What to produce:
Your response should consist of one number, the count of lines below that contain "pselect".

Input records:
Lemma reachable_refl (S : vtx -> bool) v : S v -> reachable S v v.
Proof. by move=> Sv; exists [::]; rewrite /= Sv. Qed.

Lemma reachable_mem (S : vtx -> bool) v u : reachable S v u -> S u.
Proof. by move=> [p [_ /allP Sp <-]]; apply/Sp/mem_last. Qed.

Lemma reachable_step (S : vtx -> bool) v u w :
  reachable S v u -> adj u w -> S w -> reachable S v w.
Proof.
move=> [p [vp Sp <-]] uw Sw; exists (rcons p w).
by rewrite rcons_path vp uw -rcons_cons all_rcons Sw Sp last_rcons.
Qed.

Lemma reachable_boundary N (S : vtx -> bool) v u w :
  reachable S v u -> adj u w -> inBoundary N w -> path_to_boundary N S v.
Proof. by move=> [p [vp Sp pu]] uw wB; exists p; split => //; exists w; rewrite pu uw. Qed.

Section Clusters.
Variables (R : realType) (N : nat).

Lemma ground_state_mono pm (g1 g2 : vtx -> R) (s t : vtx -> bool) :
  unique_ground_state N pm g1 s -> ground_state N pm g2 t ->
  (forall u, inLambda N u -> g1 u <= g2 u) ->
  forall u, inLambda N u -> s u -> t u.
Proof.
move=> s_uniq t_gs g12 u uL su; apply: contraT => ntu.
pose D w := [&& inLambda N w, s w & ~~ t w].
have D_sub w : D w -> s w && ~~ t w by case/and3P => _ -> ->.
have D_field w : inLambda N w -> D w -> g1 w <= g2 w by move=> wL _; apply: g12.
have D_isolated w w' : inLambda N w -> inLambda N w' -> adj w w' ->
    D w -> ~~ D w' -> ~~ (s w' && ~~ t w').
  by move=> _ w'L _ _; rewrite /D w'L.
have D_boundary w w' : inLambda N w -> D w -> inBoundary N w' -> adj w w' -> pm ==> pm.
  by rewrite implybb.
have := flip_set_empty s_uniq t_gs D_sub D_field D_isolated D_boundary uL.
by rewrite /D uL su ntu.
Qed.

* * *

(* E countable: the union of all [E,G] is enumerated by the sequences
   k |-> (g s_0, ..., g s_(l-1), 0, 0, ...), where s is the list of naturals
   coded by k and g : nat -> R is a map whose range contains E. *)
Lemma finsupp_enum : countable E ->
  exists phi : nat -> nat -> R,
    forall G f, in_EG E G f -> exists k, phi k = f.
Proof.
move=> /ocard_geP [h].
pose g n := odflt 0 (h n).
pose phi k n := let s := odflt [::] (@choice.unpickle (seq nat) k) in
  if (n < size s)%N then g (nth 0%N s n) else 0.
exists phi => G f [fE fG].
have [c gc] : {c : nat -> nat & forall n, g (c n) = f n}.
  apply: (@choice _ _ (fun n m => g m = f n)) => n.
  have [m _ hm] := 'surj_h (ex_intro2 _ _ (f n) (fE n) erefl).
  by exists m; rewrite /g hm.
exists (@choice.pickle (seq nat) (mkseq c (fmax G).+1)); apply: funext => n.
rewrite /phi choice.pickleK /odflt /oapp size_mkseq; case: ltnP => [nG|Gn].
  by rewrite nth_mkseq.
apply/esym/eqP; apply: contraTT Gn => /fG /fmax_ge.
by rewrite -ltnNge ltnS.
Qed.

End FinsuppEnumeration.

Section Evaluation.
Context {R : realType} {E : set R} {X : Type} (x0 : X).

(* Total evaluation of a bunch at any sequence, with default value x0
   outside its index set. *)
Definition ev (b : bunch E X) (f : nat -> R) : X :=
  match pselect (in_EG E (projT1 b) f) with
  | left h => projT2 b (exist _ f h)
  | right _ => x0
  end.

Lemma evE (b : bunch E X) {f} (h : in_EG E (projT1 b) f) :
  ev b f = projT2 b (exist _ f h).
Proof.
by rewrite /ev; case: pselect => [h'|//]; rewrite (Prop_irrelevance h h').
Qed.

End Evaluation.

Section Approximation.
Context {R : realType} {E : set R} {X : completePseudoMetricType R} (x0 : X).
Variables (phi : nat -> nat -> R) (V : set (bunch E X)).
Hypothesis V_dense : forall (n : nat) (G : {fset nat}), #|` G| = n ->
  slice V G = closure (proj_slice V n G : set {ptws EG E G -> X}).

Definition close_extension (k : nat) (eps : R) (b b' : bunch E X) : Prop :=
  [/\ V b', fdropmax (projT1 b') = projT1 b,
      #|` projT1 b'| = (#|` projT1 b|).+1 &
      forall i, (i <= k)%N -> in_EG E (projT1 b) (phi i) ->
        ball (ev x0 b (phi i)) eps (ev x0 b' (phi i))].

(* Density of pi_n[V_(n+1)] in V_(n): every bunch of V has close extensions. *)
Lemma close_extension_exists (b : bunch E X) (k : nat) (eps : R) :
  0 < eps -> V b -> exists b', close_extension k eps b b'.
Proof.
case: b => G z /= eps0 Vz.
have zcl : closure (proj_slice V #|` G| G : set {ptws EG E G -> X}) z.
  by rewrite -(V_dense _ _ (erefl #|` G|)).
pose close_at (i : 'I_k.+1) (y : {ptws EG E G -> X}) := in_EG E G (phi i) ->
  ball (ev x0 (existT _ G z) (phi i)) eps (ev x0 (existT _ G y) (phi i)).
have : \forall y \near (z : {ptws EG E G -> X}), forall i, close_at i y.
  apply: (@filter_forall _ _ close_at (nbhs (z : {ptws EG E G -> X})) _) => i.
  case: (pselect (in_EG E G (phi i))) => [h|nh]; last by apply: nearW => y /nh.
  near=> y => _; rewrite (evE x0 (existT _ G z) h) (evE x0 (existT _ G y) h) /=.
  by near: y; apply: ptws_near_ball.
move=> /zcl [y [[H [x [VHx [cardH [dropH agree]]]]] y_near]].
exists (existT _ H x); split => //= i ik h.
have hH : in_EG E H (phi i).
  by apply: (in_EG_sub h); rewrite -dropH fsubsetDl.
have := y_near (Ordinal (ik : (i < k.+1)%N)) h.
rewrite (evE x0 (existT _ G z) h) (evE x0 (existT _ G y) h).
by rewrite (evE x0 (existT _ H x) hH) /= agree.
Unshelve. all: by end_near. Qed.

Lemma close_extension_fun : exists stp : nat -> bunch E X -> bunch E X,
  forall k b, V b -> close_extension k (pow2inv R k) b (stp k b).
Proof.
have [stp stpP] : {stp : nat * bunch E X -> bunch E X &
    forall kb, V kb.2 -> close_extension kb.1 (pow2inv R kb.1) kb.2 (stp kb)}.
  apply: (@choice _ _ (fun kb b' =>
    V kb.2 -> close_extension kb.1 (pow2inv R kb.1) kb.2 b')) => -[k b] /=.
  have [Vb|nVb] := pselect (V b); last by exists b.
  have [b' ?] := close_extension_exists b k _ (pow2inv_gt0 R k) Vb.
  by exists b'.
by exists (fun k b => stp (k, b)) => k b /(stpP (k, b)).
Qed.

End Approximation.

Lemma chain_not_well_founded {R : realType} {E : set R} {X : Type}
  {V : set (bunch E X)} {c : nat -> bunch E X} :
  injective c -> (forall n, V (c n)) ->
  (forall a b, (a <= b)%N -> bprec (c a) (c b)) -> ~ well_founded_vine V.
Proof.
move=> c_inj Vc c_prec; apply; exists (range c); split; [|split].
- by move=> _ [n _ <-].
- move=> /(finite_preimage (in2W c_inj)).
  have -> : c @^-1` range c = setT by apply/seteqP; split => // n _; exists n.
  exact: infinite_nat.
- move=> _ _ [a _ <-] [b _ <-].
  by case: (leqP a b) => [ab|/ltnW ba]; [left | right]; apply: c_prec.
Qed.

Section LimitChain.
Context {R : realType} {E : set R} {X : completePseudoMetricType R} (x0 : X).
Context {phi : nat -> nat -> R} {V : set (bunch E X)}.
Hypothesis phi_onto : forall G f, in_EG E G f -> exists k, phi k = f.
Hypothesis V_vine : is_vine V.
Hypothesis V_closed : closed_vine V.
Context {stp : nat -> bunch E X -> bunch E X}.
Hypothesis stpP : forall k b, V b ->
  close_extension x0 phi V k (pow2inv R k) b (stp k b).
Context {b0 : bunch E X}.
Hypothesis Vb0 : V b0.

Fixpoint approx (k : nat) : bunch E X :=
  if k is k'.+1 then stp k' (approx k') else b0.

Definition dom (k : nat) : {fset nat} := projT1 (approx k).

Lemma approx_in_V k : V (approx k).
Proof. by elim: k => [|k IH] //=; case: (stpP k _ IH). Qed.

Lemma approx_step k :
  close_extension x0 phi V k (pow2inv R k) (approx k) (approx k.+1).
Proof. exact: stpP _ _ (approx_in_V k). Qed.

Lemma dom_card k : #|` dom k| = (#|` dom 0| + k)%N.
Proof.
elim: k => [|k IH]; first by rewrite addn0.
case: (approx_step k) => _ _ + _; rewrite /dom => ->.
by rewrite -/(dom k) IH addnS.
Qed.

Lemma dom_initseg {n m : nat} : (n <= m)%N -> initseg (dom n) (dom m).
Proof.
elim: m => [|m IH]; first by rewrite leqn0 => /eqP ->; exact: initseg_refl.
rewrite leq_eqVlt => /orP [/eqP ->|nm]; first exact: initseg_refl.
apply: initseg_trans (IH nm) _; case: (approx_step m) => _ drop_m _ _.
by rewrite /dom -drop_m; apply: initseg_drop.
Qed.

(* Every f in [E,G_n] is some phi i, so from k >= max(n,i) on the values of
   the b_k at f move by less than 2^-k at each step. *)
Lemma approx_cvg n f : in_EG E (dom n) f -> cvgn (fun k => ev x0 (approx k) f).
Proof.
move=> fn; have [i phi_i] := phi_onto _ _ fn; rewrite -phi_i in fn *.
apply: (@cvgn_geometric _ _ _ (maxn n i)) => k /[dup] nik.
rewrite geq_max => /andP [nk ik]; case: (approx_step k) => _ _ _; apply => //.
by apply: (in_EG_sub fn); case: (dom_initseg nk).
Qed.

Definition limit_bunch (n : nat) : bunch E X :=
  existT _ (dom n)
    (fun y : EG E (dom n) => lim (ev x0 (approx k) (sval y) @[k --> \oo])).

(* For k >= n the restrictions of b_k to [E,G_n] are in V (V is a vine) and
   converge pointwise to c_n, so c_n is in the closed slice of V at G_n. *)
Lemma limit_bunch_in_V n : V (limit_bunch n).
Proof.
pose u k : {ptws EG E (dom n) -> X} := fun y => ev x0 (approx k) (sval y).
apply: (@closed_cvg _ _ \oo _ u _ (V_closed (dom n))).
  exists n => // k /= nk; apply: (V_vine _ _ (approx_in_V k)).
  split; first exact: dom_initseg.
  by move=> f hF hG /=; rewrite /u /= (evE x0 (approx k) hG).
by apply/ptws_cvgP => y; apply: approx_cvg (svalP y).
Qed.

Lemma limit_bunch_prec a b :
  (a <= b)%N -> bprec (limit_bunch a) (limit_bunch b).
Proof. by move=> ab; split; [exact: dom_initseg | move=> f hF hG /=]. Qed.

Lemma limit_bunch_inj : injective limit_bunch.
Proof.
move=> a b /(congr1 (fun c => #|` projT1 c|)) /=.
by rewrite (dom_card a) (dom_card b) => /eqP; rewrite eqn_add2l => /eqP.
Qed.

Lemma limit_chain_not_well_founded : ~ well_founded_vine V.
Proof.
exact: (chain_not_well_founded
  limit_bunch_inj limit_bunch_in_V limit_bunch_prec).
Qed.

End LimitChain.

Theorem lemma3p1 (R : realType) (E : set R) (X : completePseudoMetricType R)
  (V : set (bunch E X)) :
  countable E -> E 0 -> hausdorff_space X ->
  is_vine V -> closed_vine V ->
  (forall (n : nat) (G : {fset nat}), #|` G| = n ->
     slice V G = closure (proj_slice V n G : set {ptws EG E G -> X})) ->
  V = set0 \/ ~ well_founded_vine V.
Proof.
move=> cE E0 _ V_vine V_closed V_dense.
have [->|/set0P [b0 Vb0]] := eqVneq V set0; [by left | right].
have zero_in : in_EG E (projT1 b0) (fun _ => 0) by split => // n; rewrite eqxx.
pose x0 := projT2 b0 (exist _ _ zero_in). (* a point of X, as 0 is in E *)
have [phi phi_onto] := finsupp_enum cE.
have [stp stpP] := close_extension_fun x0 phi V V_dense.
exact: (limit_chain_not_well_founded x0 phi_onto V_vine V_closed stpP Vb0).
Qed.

* * *

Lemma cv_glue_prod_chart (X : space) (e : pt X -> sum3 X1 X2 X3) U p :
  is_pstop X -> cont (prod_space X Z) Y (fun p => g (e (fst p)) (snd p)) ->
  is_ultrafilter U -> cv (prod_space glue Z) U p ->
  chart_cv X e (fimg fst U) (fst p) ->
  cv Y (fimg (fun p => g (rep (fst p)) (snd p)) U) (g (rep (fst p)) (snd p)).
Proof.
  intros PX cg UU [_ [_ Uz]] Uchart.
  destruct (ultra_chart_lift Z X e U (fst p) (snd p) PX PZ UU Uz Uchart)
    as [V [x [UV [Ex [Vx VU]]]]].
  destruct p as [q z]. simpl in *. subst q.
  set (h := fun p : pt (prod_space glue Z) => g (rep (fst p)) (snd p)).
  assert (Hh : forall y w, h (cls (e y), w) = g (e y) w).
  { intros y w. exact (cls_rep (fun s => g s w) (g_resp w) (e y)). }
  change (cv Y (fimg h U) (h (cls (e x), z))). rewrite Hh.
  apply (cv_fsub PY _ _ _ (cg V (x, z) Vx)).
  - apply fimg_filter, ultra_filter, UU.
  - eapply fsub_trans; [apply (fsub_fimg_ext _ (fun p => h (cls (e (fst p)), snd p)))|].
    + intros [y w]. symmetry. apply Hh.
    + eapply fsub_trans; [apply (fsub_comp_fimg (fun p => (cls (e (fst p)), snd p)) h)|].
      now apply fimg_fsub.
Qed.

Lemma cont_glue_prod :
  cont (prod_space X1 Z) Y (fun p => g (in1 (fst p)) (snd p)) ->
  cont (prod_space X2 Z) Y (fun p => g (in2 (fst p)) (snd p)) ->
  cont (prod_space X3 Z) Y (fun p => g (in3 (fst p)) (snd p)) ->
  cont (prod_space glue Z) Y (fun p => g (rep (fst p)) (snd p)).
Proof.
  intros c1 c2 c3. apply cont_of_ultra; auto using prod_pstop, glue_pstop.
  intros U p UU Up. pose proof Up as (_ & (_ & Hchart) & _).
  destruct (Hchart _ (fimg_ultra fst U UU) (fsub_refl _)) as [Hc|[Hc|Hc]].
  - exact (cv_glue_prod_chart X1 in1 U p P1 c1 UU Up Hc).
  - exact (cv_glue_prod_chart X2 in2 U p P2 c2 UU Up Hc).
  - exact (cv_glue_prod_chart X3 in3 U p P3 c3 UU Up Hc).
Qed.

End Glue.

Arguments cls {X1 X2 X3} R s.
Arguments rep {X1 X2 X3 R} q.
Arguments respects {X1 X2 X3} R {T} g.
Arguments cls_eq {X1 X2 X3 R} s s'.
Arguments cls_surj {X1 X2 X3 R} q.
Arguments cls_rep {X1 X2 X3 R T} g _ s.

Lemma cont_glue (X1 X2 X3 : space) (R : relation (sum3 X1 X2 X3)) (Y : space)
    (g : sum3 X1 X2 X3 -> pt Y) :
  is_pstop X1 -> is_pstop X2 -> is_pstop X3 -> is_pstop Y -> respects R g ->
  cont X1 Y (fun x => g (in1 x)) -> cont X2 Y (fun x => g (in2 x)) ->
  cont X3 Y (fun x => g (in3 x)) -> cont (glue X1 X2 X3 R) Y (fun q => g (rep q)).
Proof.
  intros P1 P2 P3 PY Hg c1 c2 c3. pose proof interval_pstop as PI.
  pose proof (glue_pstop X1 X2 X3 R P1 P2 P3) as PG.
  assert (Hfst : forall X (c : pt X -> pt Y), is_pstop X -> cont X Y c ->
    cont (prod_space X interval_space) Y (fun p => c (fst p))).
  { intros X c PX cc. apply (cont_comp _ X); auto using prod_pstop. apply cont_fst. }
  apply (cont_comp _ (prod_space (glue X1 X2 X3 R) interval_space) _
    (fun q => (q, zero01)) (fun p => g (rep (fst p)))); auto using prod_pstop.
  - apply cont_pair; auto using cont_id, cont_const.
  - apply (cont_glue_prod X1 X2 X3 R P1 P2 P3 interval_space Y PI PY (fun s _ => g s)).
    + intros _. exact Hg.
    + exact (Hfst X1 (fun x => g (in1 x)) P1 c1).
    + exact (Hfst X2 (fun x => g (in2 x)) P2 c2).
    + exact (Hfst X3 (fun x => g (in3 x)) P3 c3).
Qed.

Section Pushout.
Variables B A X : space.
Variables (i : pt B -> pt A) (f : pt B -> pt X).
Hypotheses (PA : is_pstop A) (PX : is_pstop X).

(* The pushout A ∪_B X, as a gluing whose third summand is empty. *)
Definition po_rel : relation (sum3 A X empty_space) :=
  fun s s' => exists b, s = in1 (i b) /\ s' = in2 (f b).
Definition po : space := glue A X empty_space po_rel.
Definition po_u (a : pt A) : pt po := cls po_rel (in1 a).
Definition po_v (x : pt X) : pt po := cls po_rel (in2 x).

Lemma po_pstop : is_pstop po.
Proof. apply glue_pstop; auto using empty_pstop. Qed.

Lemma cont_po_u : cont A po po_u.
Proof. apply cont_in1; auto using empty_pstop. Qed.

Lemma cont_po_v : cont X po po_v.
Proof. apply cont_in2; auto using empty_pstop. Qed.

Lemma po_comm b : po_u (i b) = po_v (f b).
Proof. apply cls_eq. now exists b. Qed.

Answer space:
4